PSOE: sin votos en contra

Pedro Sánchez, a quien ahora perjudica la situación de parálisis, anunció ayer que el primer pacto de Estado que propondrá al resto de formaciones políticas en el discurso mismo de investidura, será promover una reforma del artículo 99 de la Constitución. Recordando que en la pasada legislatura se promovió un cambio similar para que pudieran votar las personas con discapacidad o para eliminar algunos aforamientos, los socialistas proponen una modificación limitada que no abra el melón constitucional en cuestiones más complejas que podrían poner en cuestión el modelo de Estado, pero que –en todo caso– sí requeriría a 3/5 de la Cámara, esto es, 210 diputados a favor. En concreto, abogan por exportar el modelo de los ayuntamientos para que no haya «coaliciones negativas» que obliguen a la repetición electoral. En la práctica supone que, en caso de que no exista una mayoría alternativa, gobernará la fuerza más votada.

PP: prima de 50 escaños

Por su parte, los populares miran a Grecia y apuestan por dar una prima de 50 diputados al partido que gane las elecciones. Una solución que el propio Pablo Casado explicó a Sánchez en su reunión del pasado martes y que requeriría una reforma menos ambiciosa, la de la ley electoral en lugar de la constitucional, para lo que sólo se necesita una mayoría absoluta en el Congreso. Un acuerdo de los dos grandes partidos, quienes se disputan la primera posición, lo permitiría. En Génova se apoyan en que la propia Constitución lo permite en su artículo 68, que prevé que el Congreso tenga entre 300 y 400 diputados. Esos 50 se podrían sumar a los 350 actuales.

Cs: investidura fijada

Ciudadanos considera que la ausencia de pautas que regulen qué debe ocurrir desde que se convocan elecciones hasta la primera sesión de investidura es una «situación de la que se han aprovechado tanto PSOE como PP para mantener bloqueadas las instituciones». Por lo tanto, proponen acabar con esta «laguna legal» y fijar una fecha cerrada de investidura que se celebre inexcusablemente después de las elecciones.

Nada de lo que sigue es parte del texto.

Lemma sat_theta_ext m n s : sat M s (theta_ext m n) <->
  exists t, t (slot m) = s 0 /\ sat M t (theta n) /\ forall k, k < m -> t (slot k) = s (param k).
Proof.
  set (R := S m + support n).
  assert (h0 : ~ In 0 (map slot (seq 0 R))).
  { rewrite in_slots. intros [k [_ hk]]. unfold slot in hk. lia. }
  assert (hp : forall k, ~ In (param k) (map slot (seq 0 R))).
  { intro k. rewrite in_slots. intros [k' [_ hk]]. unfold slot, param in hk. lia. }
  assert (hs : forall k, k < R -> In (slot k) (map slot (seq 0 R))).
  { intros k hk. apply in_slots. exists k. auto. }
  unfold theta_ext. fold R. rewrite sat_fExs. split.
  - intros [t [ht hsat']]. rewrite sat_fAnds in hsat'. exists t. split; [|split].
    + rewrite <- (ht 0 h0). apply (hsat' (fEq (tvar L (slot m)) (tvar L 0))). left. reflexivity.
    + apply hsat'. right. left. reflexivity.
    + intros k hk. rewrite <- (ht _ (hp k)).
      apply (hsat' (fEq (tvar L (slot k)) (tvar L (param k)))). right. right.
      apply in_map_iff. exists k. split; [reflexivity | apply in_seq; lia].
  - intros [t [htm [hth htp]]].
    exists (fun x => if in_dec Nat.eq_dec x (map slot (seq 0 R)) then t x else s x).
    split; [intros x hx; destruct (in_dec Nat.eq_dec x (map slot (seq 0 R))); tauto|].
    apply sat_fAnds. intros q hq. destruct hq as [e|[e|hq]]; [subst q; cbn [sat eval]..|].
    + destruct (in_dec Nat.eq_dec (slot m) _) as [hin|h]; [|exfalso; apply h, hs; lia].
      destruct (in_dec Nat.eq_dec 0 _) as [h|hnin]; [contradiction | exact htm].
    + apply (theta_local n t); [|exact hth]. intros k hk.
      destruct (in_dec Nat.eq_dec (slot k) _) as [hin|h]; [reflexivity | exfalso; apply h, hs; lia].
    + apply in_map_iff in hq as [k [<- hk]]. apply in_seq in hk. cbn [sat eval].
      destruct (in_dec Nat.eq_dec (slot k) _) as [hin|h]; [|exfalso; apply h, hs; lia].
      destruct (in_dec Nat.eq_dec (param k) _) as [h|hnin]; [exfalso; apply (hp k), h|].
      apply htp. lia.
Qed.

Lemma extendable_step m u : extendable m u -> exists a, extendable (S m) (update u (slot m) a).
Proof.
  intros hext.
  set (sigma := fun x => u (x - 1)).
  assert (hsigma : forall k, sigma (param k) = u (slot k)).
  { intro k. unfold sigma, param, slot. f_equal. lia. }
  destruct (hsat sigma (fun p => exists n, p = theta_ext m n)) as [a ha].
  - intros l hl. destruct (list_index_bound (theta_ext m) l hl) as [N hN].
    destruct (hext N) as [t [ht htN]].
    exists (t (slot m)). intros p hp. destruct (hN p hp) as [n [hn ->]].
    apply sat_theta_ext. exists t. split; [|split].
    + reflexivity.
    + apply (theta_antitone n N); assumption.
    + intros k hk. rewrite update_param, hsigma. apply ht, hk.
  - exists a. intros n.
    destruct (proj1 (sat_theta_ext m n _) (ha _ (ex_intro _ n eq_refl))) as [t [htm [hth htp]]].
    exists t. split; [|exact hth]. intros k hk.
    destruct (Nat.eq_dec k m) as [->|hne].
    + rewrite htm. unfold update. rewrite !Nat.eqb_refl. reflexivity.
    + rewrite update_slot_ne, htp, update_param, hsigma by lia. reflexivity.
Qed.

Lemma extendable_chain : exists us : nat -> nat -> carrier M,
  (forall m, extendable m (us m)) /\ (forall m k, k < m -> us (S m) (slot k) = us m (slot k)).
Proof.
  assert (HG : forall m u, exists a, extendable m u -> extendable (S m) (update u (slot m) a)).
  { intros m u. destruct (classic (extendable m u)) as [h|h].
    - destruct (extendable_step m u h) as [a ha]. exists a. auto.
    - exists (witness M). contradiction. }
  set (G := fun m u => proj1_sig (constructive_indefinite_description _ (HG m u))).
  assert (hG : forall m u, extendable m u -> extendable (S m) (update u (slot m) (G m u))).
  { intros m u. unfold G. destruct (constructive_indefinite_description _ (HG m u)). auto. }
  exists (fix us m := match m with
                      | 0 => fun _ => witness M
                      | S m => update (us m) (slot m) (G m (us m)) end).
  split.
  - induction m as [|m IH].
    + intros n. destruct (theta_satisfiable n) as [t ht]. exists t. split; [lia | exact ht].
    + apply hG, IH.
  - intros m k hk. simpl. apply update_slot_ne. lia.
Qed.

Theorem saturated_realizes_chain : exists t : nat -> carrier M, forall n, sat M t (theta n).
Proof.
  destruct extendable_chain as [us [hext hstep]].
  assert (hstable : forall k m, k < m -> us m (slot k) = us (S k) (slot k)).
  { intros k m hkm. induction hkm as [|m hkm IH]; [reflexivity|]. rewrite hstep by lia. exact IH. }
  exists (fun x => us x x). intro n.
  destruct (hext (support n) n) as [t [ht hth]].
  apply (theta_local n t); [|exact hth]. intros k hk. rewrite ht by exact hk.
  rewrite (hstable k (support n)), (hstable k (slot k)) by (unfold slot; lia). reflexivity.
Qed.

End Saturation.

Section CharacteristicSequence.
Context {L : signature} (M : structure L) (phi : formula L) (kx ky : nat).
Hypothesis hphi : formula_in phi (kx + ky).
Local Open Scope nat_scope.
Notation K := (kx + ky).

(* Lacking substitution, [phi] with its variables renamed to [ws] is written as
   "for all v_0 .. v_(K-1), if v_j = w_j for all j then phi".  Variables [0 .. K-1] are thus
   reserved for [phi], [K .. K+kx-1] serve as the existential [x] of [P_n], and the tuples
   live in the slots above. *)
Definition phi_at (ws : list nat) : formula L :=
  fAlls (seq 0 K)
    (fImp (fAnds (map (fun j => fEq (tvar L j) (tvar L (nth j ws 0))) (seq 0 K))) phi).

Lemma sat_phi_at xs ys s : length xs = kx -> length ys = ky ->
  (forall w, In w (xs ++ ys) -> K <= w) ->
  (sat M s (phi_at (xs ++ ys)) <-> phi_holds M phi (map s xs) (map s ys)).
Proof.
  intros hx hy hge. unfold phi_holds. rewrite <- map_app.
  set (ws := xs ++ ys) in *.
  assert (hl : length ws = K) by (unfold ws; rewrite length_app; lia).
  assert (hws : forall j, j < K -> K <= nth j ws 0) by (intros j hj; apply hge, nth_In; lia).
  unfold phi_at. rewrite sat_fAlls. split.
  - intros H s' hag. rewrite agrees_map in hag.
    set (t := fun n => if n <? K then s (nth n ws 0) else s n).
    assert (ht : forall n, ~ In n (seq 0 K) -> t n = s n).
    { intros n hn. unfold t. destruct (Nat.ltb_spec n K); [|reflexivity].
      exfalso. apply hn, in_seq. lia. }
    assert (htphi : sat M t phi).
    { apply (H t ht), sat_fAnds. intros q hq. apply in_map_iff in hq as [j [<- hj]].
      apply in_seq in hj. cbn [sat eval]. unfold t.
      destruct (Nat.ltb_spec j K); [|lia]. specialize (hws j ltac:(lia)).
      destruct (Nat.ltb_spec (nth j ws 0) K); [lia | reflexivity]. }
    apply (sat_coincide M phi t s'); [|exact htphi].
    intros n hn. apply hphi in hn. unfold t. destruct (Nat.ltb_spec n K); [|lia].
    symmetry. apply hag. lia.
  - intros H t ht heqs. apply H, agrees_map. intros i hi. rewrite hl in hi.
    rewrite sat_fAnds in heqs.
    assert (heq := heqs (fEq (tvar L i) (tvar L (nth i ws 0)))
      (in_map _ _ _ (proj2 (in_seq _ _ _) (conj (Nat.le_0_l i) hi)))).
    cbn [sat eval] in heq. rewrite heq. apply ht.
    intro hin. apply in_seq in hin. specialize (hws i hi). lia.
Qed.

Definition Pn_at (yss : list (list nat)) : formula L :=
  fExs (seq K kx) (fAnds (map (fun ys => phi_at (seq K kx ++ ys)) yss)).

Lemma sat_Pn_at yss s :
  (forall ys, In ys yss -> length ys = ky /\ forall y, In y ys -> K + kx <= y) ->
  (sat M s (Pn_at yss) <-> Pn M phi kx ky (map (map s) yss)).
Proof.
  intros hyss.
  assert (hbound : forall ys, In ys yss -> forall w, In w (seq K kx ++ ys) -> K <= w).
  { intros ys hys w hw. apply in_app_or in hw as [hw|hw]; [apply in_seq in hw; lia|].
    apply (proj2 (hyss ys hys)) in hw. lia. }
  assert (houtside : forall t, (forall n, ~ In n (seq K kx) -> t n = s n) ->
            forall ys, In ys yss -> map t ys = map s ys).
  { intros t ht ys hys. apply map_ext_in. intros y hy. apply ht. intro hin.
    apply in_seq in hin. apply (proj2 (hyss ys hys)) in hy. lia. }
  assert (hlen : forall b, In b (map (map s) yss) -> length b = ky).
  { intros b hb. apply in_map_iff in hb as [ys [<- hys]]. rewrite length_map. apply hyss, hys. }
  unfold Pn_at, Pn. rewrite sat_fExs. split.
  - intros [t [ht hall]]. rewrite sat_fAnds in hall. split; [exact hlen|].
    exists (map t (seq K kx)). split; [rewrite length_map, length_seq; reflexivity|].
    intros b hb. apply in_map_iff in hb as [ys [<- hys]]. rewrite <- (houtside t ht ys hys).
    apply (sat_phi_at (seq K kx) ys t); [apply length_seq | apply hyss, hys | apply hbound, hys |].
    apply hall, in_map_iff. exists ys. split; [reflexivity | exact hys].
  - intros [_ [a [ha hall]]]. destruct (exists_update_seq M s K a) as [t [ht hta]].
    rewrite ha in ht, hta. exists t. split; [exact ht|].
    apply sat_fAnds. intros q hq. apply in_map_iff in hq as [ys [<- hys]].
    apply (sat_phi_at (seq K kx) ys t); [apply length_seq | apply hyss, hys | apply hbound, hys |].
    rewrite hta, (houtside t ht ys hys). apply hall, in_map_iff. exists ys. split; [reflexivity | exact hys].
Qed.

Podemos: cultura del pacto

El partido dirigido por Pablo Iglesias rechaza todas estas fórmulas y considera que la mejor vía para superar el actual bloqueo es trabajar para asentar en España la cultura del pacto y de los gobiernos de coalición como mejor fórmula para combatir el exceso de autoritarismo en el que suelen incurrir los líderes políticos cuando tienen todo el poder. Según el diagnóstico de Podemos, un político cuando gana tiene ante sí el reto de llegar a acuerdos y no debe caer en la tentación de cambiar las reglas del juego con el único fin de tener más fácil su acceso al poder.

Vox: cambiar la ley electoral

En su programa electoral Vox proponía la reforma de la actual Ley Electoral y el sistema de circunscripciones, que favorece a los partidos nacionalistas y penaliza a los partidos nacionales que no queden primero o segundo en la mayoría de provincias. No obstante, prefieren «no adelantar fórmulas» en estos momentos.